(Stored items)
/---

Lemma large_spread_gap v c a b : 0 < c -> n%:R * c <= v a - v b ->
  exists J, [/\ a \in J, b \notin J & gap J c v].
Proof.
(* Without a gap, the level sets S m grow strictly, so S n.-1 would contain b. *)
move=> c0 ab; apply: contrapT => /forallNP nogap.
pose S m := [set i | v a - m%:R * c <= v i]%SET.
have aS m : a \in S m by rewrite inE gerBl mulr_ge0 // ltW.
have bS m : (m < n)%N -> b \notin S m.
  move=> mn; rewrite inE -ltNge.
  have : m%:R * c < n%:R * c by rewrite ltr_pM2r // ltr_nat.
  lra.
have grow m : (m < n)%N -> (m < #|S m|)%N.
  elim: m => [|m IH] mn; first by apply/card_gt0P; exists a.
  apply: leq_ltn_trans (IH (ltnW mn)) _; apply: proper_card; apply/properP; split.
    apply/fintype.subsetP => j; rewrite !inE; apply: le_trans.
    by rewrite lerD2l lerN2 ler_pM2r // ler_nat.
  have [i [k [iS kS ik]]] : exists i k, [/\ i \in S m, k \notin S m & v i - v k < c].
    apply: contrapT => /forallNP noik; apply: (nogap (S m)); split.
    - exact: aS.
    - exact: bS (ltnW mn).
    by move=> i k iS kS; rewrite leNgt; apply/negP => ik; apply: (noik i); exists k; split.
  exists k => //; move: iS; rewrite !inE -natr1 mulrDl mul1r; lra.
have n0 : (0 < n)%N := leq_ltn_trans (leq0n a) (ltn_ord a).
have Sfull : S n.-1 = [set: 'I_n]%SET.
  apply/eqP; rewrite eqEcard finset.subsetT cardsT card_ord /=.
  by rewrite -{1}(prednK n0); apply: grow; rewrite ltn_predL.
by have := bS n.-1; rewrite Sfull inE ltn_predL => /(_ n0).
Qed.

Definition gap_condition F := forall J : {set 'I_n}, J != finset.set0 ->
  J != [set: 'I_n]%SET -> (rr (TJ_minf F J) < lam (TJ_pinf F (~: J)))%E.
(* Let $J$ be a Jacobi matrix and let $C_n,G_n$ be as defined in the context. (i) If $\sum_{n=1}^\infty[|b_n|+|a_n^2-1|]<\infty$, then for each $z\in\overline{\mathbb{D}}\setminus\{\pm1\}$, $A_0(z):=\sup_n[|G_n(z)|+|C_n(z)|]<\infty$, and $A_0(z)$ is bounded uniformly on compact subsets of $\overline{\mathbb{D}}\setminus\{\pm1\}$. (ii) If $\sum_{n=1}^\infty n[|b_n|+|a_n^2-1|]<\infty$, then there is a constant $A_1$ with $\sup_{n,\,z\in\overline{\mathbb{D}}}|G_n(z)|\le A_1$ and $\sup_{n,\,z\in\overline{\mathbb{D}}}\frac{|C_n(z)|}{1+n}\le A_1$. (iii) If $|b_n|+|a_n^2-1|\le CR^{-2n}$ for all $n$, for some $C$ and some $R>1$, then there is a constant $A_2$ such that for all $z$ with $|z|<R$ and all $n$, $|G_n(z)|+|C_n(z)|\le A_2(1+n)[\max(1,|z|)]^{2n}$.
   Context: $J$ is a Jacobi matrix with diagonal entries $b_n\in\mathbb{R}$ and off-diagonal entries $a_n>0$ ($n\ge1$); set $a_0=1$. The orthonormal polynomials satisfy $p_{-1}=0$, $p_0=1$, $xp_n(x)=a_{n+1}p_{n+1}(x)+b_{n+1}p_n(x)+a_np_{n-1}(x)$. Define $c_n(z)=z^np_n(z+z^{-1})$, $g_n(z)=z^n\bigl(p_n(z+z^{-1})-a_nzp_{n-1}(z+z^{-1})\bigr)$, $C_n=a_1\cdots a_n\,c_n$, $G_n=a_1\cdots a_n\,g_n$ (polynomials in $z$). $\mathbb{D}=\{|z|<1\}$. *)

From HB Require Import structures.
From mathcomp Require Import all_boot all_order all_algebra.
From mathcomp Require Import all_classical all_reals all_analysis.
From mathcomp Require Import complex.
Set Implicit Arguments. Unset Strict Implicit. Unset Printing Implicit Defensive.
Import Order.TTheory GRing.Theory Num.Theory numFieldNormedType.Exports.
Local Open Scope ring_scope.

(* Jacobi parameters: a n (n >= 1) off-diagonal, b n (n >= 1) diagonal;
   the values a 0, b 0 are irrelevant; the convention a_0 = 1 is [aa]. *)
Section Jacobi.
Variable R : realType.
Variables a b : nat -> R.

Definition aa (n : nat) : R := if n is 0 then 1 else a n.

(* ppair n = (p_{n-1}, p_n), with p_{-1} = 0, p_0 = 1 and
   x p_n = a_{n+1} p_{n+1} + b_{n+1} p_n + a_n p_{n-1}. *)
Fixpoint ppair (n : nat) : {poly R} * {poly R} :=
  match n with
  | 0 => (0, 1)
  | n'.+1 => let: (q, p) := ppair n' in
      (p, (a n'.+1)^-1 *: (('X - (b n'.+1)%:P) * p - aa n' *: q))
  end.

Definition opoly (n : nat) : {poly R} := (ppair n).2.
Definition opoly_prev (n : nat) : {poly R} := (ppair n).1.

(* homog n q is the polynomial z |-> z^n q(z + z^{-1}), for deg q <= n:
   z^n (z + z^{-1})^k = z^{n-k} (1 + z^2)^k. *)
Definition homog (n : nat) (q : {poly R}) : {poly R} :=
  \sum_(k < size q) q`_k *: ('X^(n - k) * (1 + 'X^2) ^+ k).

Definition cpoly (n : nat) : {poly R} := homog n (opoly n).
Definition gpoly (n : nat) : {poly R} :=
  homog n (opoly n) - aa n *: ('X * homog n (opoly_prev n)).

Definition aprod (n : nat) : R := \prod_(1 <= i < n.+1) a i.

Definition Cpoly (n : nat) : {poly R} := aprod n *: cpoly n.
Definition Gpoly (n : nat) : {poly R} := aprod n *: gpoly n.

Definition Cn (n : nat) (z : R[i]) : R[i] :=
  (map_poly (real_complex R) (Cpoly n)).[z].
Definition Gn (n : nat) (z : R[i]) : R[i] :=
  (map_poly (real_complex R) (Gpoly n)).[z].
End Jacobi.

(* identification R x R = C (the topology on C is the product topology) *)
Definition cplx (R : realType) (p : R * R) : R[i] := (p.1 +i* p.2)%C.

\---

(TASK TO CARRY OUT):
Starting at the first line of the data above, retype each line exactly until you reach the line containing "apply/eqP; rewrite eqEcard", and include that line too.

(SOLUTION TO THIS TASK):
Lemma large_spread_gap v c a b : 0 < c -> n%:R * c <= v a - v b ->
  exists J, [/\ a \in J, b \notin J & gap J c v].
Proof.
(* Without a gap, the level sets S m grow strictly, so S n.-1 would contain b. *)
move=> c0 ab; apply: contrapT => /forallNP nogap.
pose S m := [set i | v a - m%:R * c <= v i]%SET.
have aS m : a \in S m by rewrite inE gerBl mulr_ge0 // ltW.
have bS m : (m < n)%N -> b \notin S m.
  move=> mn; rewrite inE -ltNge.
  have : m%:R * c < n%:R * c by rewrite ltr_pM2r // ltr_nat.
  lra.
have grow m : (m < n)%N -> (m < #|S m|)%N.
  elim: m => [|m IH] mn; first by apply/card_gt0P; exists a.
  apply: leq_ltn_trans (IH (ltnW mn)) _; apply: proper_card; apply/properP; split.
    apply/fintype.subsetP => j; rewrite !inE; apply: le_trans.
    by rewrite lerD2l lerN2 ler_pM2r // ler_nat.
  have [i [k [iS kS ik]]] : exists i k, [/\ i \in S m, k \notin S m & v i - v k < c].
    apply: contrapT => /forallNP noik; apply: (nogap (S m)); split.
    - exact: aS.
    - exact: bS (ltnW mn).
    by move=> i k iS kS; rewrite leNgt; apply/negP => ik; apply: (noik i); exists k; split.
  exists k => //; move: iS; rewrite !inE -natr1 mulrDl mul1r; lra.
have n0 : (0 < n)%N := leq_ltn_trans (leq0n a) (ltn_ord a).
have Sfull : S n.-1 = [set: 'I_n]%SET.
  apply/eqP; rewrite eqEcard finset.subsetT cardsT card_ord /=.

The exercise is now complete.